[Source data]
--*--

(* Let $g_1,g_2$ be holomorphic functions on a domain $\mathcal{D}\subset\mathbb{C}$ with $g_1'g_2'\neq 0$ on $\mathcal{D}$, let $\sqrt{g_1'g_2'}$ be a holomorphic branch of the square root on $\mathcal{D}$, and define $\Phi=(\phi_1,\phi_2,\phi_3,\phi_4):\mathcal{D}\to\mathbb{C}^4$ by $$\phi_1=\frac{\mathrm{i}}{2}\frac{g_1g_2+1}{\sqrt{g_1'g_2'}},\quad \phi_2=\frac12\frac{g_1g_2-1}{\sqrt{g_1'g_2'}},\quad \phi_3=\frac12\frac{g_1+g_2}{\sqrt{g_1'g_2'}},\quad \phi_4=\frac{\mathrm{i}}{2}\frac{g_1-g_2}{\sqrt{g_1'g_2'}}.$$ Let $\Psi$ be a holomorphic function on $\mathcal{D}$ with $\Psi'=\Phi$ and set $\mathrm{x}(u,v)=\operatorname{Re}\Psi(u+\mathrm{i}v)$. Then $\mathrm{x}$ defines a minimal surface of general type in $\mathbb{R}^4$, and $(u,v)$ are canonical coordinates of the first type on it.
   Context: A minimal surface in $\mathbb{R}^4$ is a regular surface with zero mean curvature vector. With $E=\mathrm{x}_u^2$, $X_1=\mathrm{x}_u/\|\mathrm{x}_u\|$, $X_2=\mathrm{x}_v/\|\mathrm{x}_v\|$ and second fundamental form $\sigma$: a point is superconformal if $\sigma(X_1,X_1)\perp\sigma(X_1,X_2)$ and $\|\sigma(X_1,X_1)\|=\|\sigma(X_1,X_2)\|$ there; a minimal surface is of general type if it has no superconformal points. Isothermal coordinates $(u,v)$ ($E=G$, $F=0$) are canonical of the first type if $\sigma(X_1,X_1)\perp\sigma(X_1,X_2)$ and $E^2(\|\sigma(X_1,X_1)\|^2-\|\sigma(X_1,X_2)\|^2)=1$. *)

From Stdlib Require Import Reals.
From Coquelicot Require Import Coquelicot.
Open Scope R_scope.

Definition is_C_deriv (f : C -> C) (z l : C) : Prop :=
  @is_derive C_AbsRing C_NormedModule f z l.

Definition holo_on (D : C -> Prop) (f : C -> C) : Prop :=
  forall z, D z -> exists l, is_C_deriv f z l.

Definition is_domain (D : C -> Prop) : Prop :=
  open D /\ (exists z, D z) /\
  (forall U V : C -> Prop, open U -> open V ->
     (forall z, D z -> U z \/ V z) ->
     (forall z, D z -> ~ (U z /\ V z)) ->
     (forall z, D z -> U z) \/ (forall z, D z -> V z)).

(* the Weierstrass-type data Phi = (phi_1,...,phi_4), indexed 0..3;
   s plays the role of the chosen branch of sqrt(g1' g2') *)
Definition Phi (g1 g2 s : C -> C) (k : nat) (z : C) : C :=
  match k with
  | 0%nat => (Ci / 2 * ((g1 z * g2 z + 1) / s z))%C
  | 1%nat => (/ 2 * ((g1 z * g2 z - 1) / s z))%C
  | 2%nat => (/ 2 * ((g1 z + g2 z) / s z))%C
  | 3%nat => (Ci / 2 * ((g1 z - g2 z) / s z))%C
  | _ => 0%C
  end.

(* vectors of R^4 are functions nat -> R, only coordinates 0..3 matter *)
Definition vec4 := nat -> R.
Definition dot (a b : vec4) : R :=
  a 0%nat * b 0%nat + a 1%nat * b 1%nat + a 2%nat * b 2%nat + a 3%nat * b 3%nat.

Definition surf := R -> R -> vec4.

Definition xu (x : surf) (u v : R) : vec4 := fun k => Derive (fun t => x t v k) u.
Definition xv (x : surf) (u v : R) : vec4 := fun k => Derive (fun t => x u t k) v.
Definition xuu (x : surf) (u v : R) : vec4 := fun k => Derive (fun t => xu x t v k) u.
Definition xuv (x : surf) (u v : R) : vec4 := fun k => Derive (fun t => xu x u t k) v.
Definition xvv (x : surf) (u v : R) : vec4 := fun k => Derive (fun t => xv x u t k) v.

Definition EE (x : surf) u v := dot (xu x u v) (xu x u v).
Definition FF (x : surf) u v := dot (xu x u v) (xv x u v).
Definition GG (x : surf) u v := dot (xv x u v) (xv x u v).

(* orthogonal projection onto the normal space (orthogonal complement of
   span{x_u, x_v}); tangential coefficients obtained from the Gram matrix *)
Definition nperp (x : surf) (u v : R) (w : vec4) : vec4 :=
  let E := EE x u v in let F := FF x u v in let G := GG x u v in
  let a := (G * dot w (xu x u v) - F * dot w (xv x u v)) / (E * G - F * F) in
  let b := (E * dot w (xv x u v) - F * dot w (xu x u v)) / (E * G - F * F) in
  fun k => w k - a * xu x u v k - b * xv x u v k.

(* second fundamental form on coordinate fields: sigma(d_i,d_j) = (x_ij)^perp *)
Definition sig_uu x u v := nperp x u v (xuu x u v).
Definition sig_uv x u v := nperp x u v (xuv x u v).
Definition sig_vv x u v := nperp x u v (xvv x u v).

(* sigma(X1,X1), sigma(X1,X2) with X1 = x_u/|x_u|, X2 = x_v/|x_v| *)
Definition sigma11 (x : surf) u v : vec4 :=
  fun k => sig_uu x u v k / EE x u v.
Definition sigma12 (x : surf) u v : vec4 :=
  fun k => sig_uv x u v k / (sqrt (EE x u v) * sqrt (GG x u v)).

(* mean curvature vector H = 1/2 g^{ij} sigma(d_i,d_j) *)
Definition meanH (x : surf) u v : vec4 :=
  let E := EE x u v in let F := FF x u v in let G := GG x u v in
  fun k => / 2 * (G * sig_uu x u v k - 2 * F * sig_uv x u v k + E * sig_vv x u v k)
           / (E * G - F * F).

Definition regular_surface (x : surf) (U : R -> R -> Prop) : Prop :=
  open (fun p : R * R => U (fst p) (snd p)) /\
  forall u v, U u v ->
    (forall k, (k < 4)%nat ->
       ex_derive (fun t => x t v k) u /\ ex_derive (fun t => x u t k) v /\
       ex_derive (fun t => xu x t v k) u /\ ex_derive (fun t => xu x u t k) v /\
       ex_derive (fun t => xv x t v k) u /\ ex_derive (fun t => xv x u t k) v) /\
    (forall a b : R,
       (forall k, (k < 4)%nat -> a * xu x u v k + b * xv x u v k = 0) ->
       a = 0 /\ b = 0).

Definition minimal_surface (x : surf) (U : R -> R -> Prop) : Prop :=
  regular_surface x U /\
  forall u v, U u v -> forall k, (k < 4)%nat -> meanH x u v k = 0.

Definition superconformal (x : surf) (u v : R) : Prop :=
  dot (sigma11 x u v) (sigma12 x u v) = 0 /\
  sqrt (dot (sigma11 x u v) (sigma11 x u v)) = sqrt (dot (sigma12 x u v) (sigma12 x u v)).

Definition general_type (x : surf) (U : R -> R -> Prop) : Prop :=
  minimal_surface x U /\ forall u v, U u v -> ~ superconformal x u v.

Definition canonical_first_type (x : surf) (U : R -> R -> Prop) : Prop :=
  forall u v, U u v ->
    EE x u v = GG x u v /\ FF x u v = 0 /\
    dot (sigma11 x u v) (sigma12 x u v) = 0 /\
    EE x u v ^ 2 * (dot (sigma11 x u v) (sigma11 x u v)
                    - dot (sigma12 x u v) (sigma12 x u v)) = 1.

(* Write Φ = x_u - i x_v (by the Cauchy-Riemann equations this is the given
   Weierstrass datum Φ = Ψ') and Φ' = x_uu - i x_uv.  A direct computation
   gives, for the complex bilinear product on C^4, Φ·Φ = 0, Φ·Φ' = 0,
   Φ'·Φ' = g1' g2' / s^2 = 1, and Φ ≠ 0.  The real and imaginary parts of
   Φ·Φ = 0 say E = G > 0 and F = 0, and x_vv = -x_uu makes the mean curvature
   vanish.  With E = G and F = 0, normal projection lowers the inner product
   of w and w' by ((w·x_u)(w'·x_u) + (w·x_v)(w'·x_v)) / E; by Φ·Φ' = 0 the
   tangential components of x_uv are those of x_uu rotated by a right angle,
   so these corrections cancel in σ(∂u,∂u)·σ(∂u,∂v) and in
   |σ(∂u,∂u)|^2 - |σ(∂u,∂v)|^2.  Hence Φ'·Φ' = 1 becomes <σ11, σ12> = 0 and
   E^2 (|σ11|^2 - |σ12|^2) = 1, which also rules out superconformal points. *)

From Stdlib Require Import Reals Lra Lia.
From Coquelicot Require Import Coquelicot.
Open Scope R_scope.

(** * Complex differentiation *)

Lemma is_C_deriv_const (c z : C) : is_C_deriv (fun _ => c) z 0%C.
Proof. exact (is_derive_const c z). Qed.

Lemma is_C_deriv_plus (f g : C -> C) (z df dg : C) :
  is_C_deriv f z df -> is_C_deriv g z dg -> is_C_deriv (fun y => f y + g y)%C z (df + dg)%C.
Proof. exact (is_derive_plus f g z df dg). Qed.

Lemma is_C_deriv_minus (f g : C -> C) (z df dg : C) :
  is_C_deriv f z df -> is_C_deriv g z dg -> is_C_deriv (fun y => f y - g y)%C z (df - dg)%C.
Proof. exact (is_derive_minus f g z df dg). Qed.

Lemma is_C_deriv_mult (f g : C -> C) (z df dg : C) :
  is_C_deriv f z df -> is_C_deriv g z dg ->
  is_C_deriv (fun y => f y * g y)%C z (df * g z + f z * dg)%C.
Proof.
  intros [_ Hf] [_ Hg]. split; [apply is_linear_scal_l |].
  now destruct (is_derive_mult (K := C_AbsRing) f g z df dg
    (conj (is_linear_scal_l _) Hf) (conj (is_linear_scal_l _) Hg) Cmult_comm).
Qed.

--*--

# Assignment:
Take the records above and return, word for word, only the lines that fall from the line with "Definition minimal_surface (x" to the line with "EE x u v = GG x u v /\ FF x u v = 0 /\", both of them included.

# Your response:
Definition minimal_surface (x : surf) (U : R -> R -> Prop) : Prop :=
  regular_surface x U /\
  forall u v, U u v -> forall k, (k < 4)%nat -> meanH x u v k = 0.

Definition superconformal (x : surf) (u v : R) : Prop :=
  dot (sigma11 x u v) (sigma12 x u v) = 0 /\
  sqrt (dot (sigma11 x u v) (sigma11 x u v)) = sqrt (dot (sigma12 x u v) (sigma12 x u v)).

Definition general_type (x : surf) (U : R -> R -> Prop) : Prop :=
  minimal_surface x U /\ forall u v, U u v -> ~ superconformal x u v.

Definition canonical_first_type (x : surf) (U : R -> R -> Prop) : Prop :=
  forall u v, U u v ->
    EE x u v = GG x u v /\ FF x u v = 0 /\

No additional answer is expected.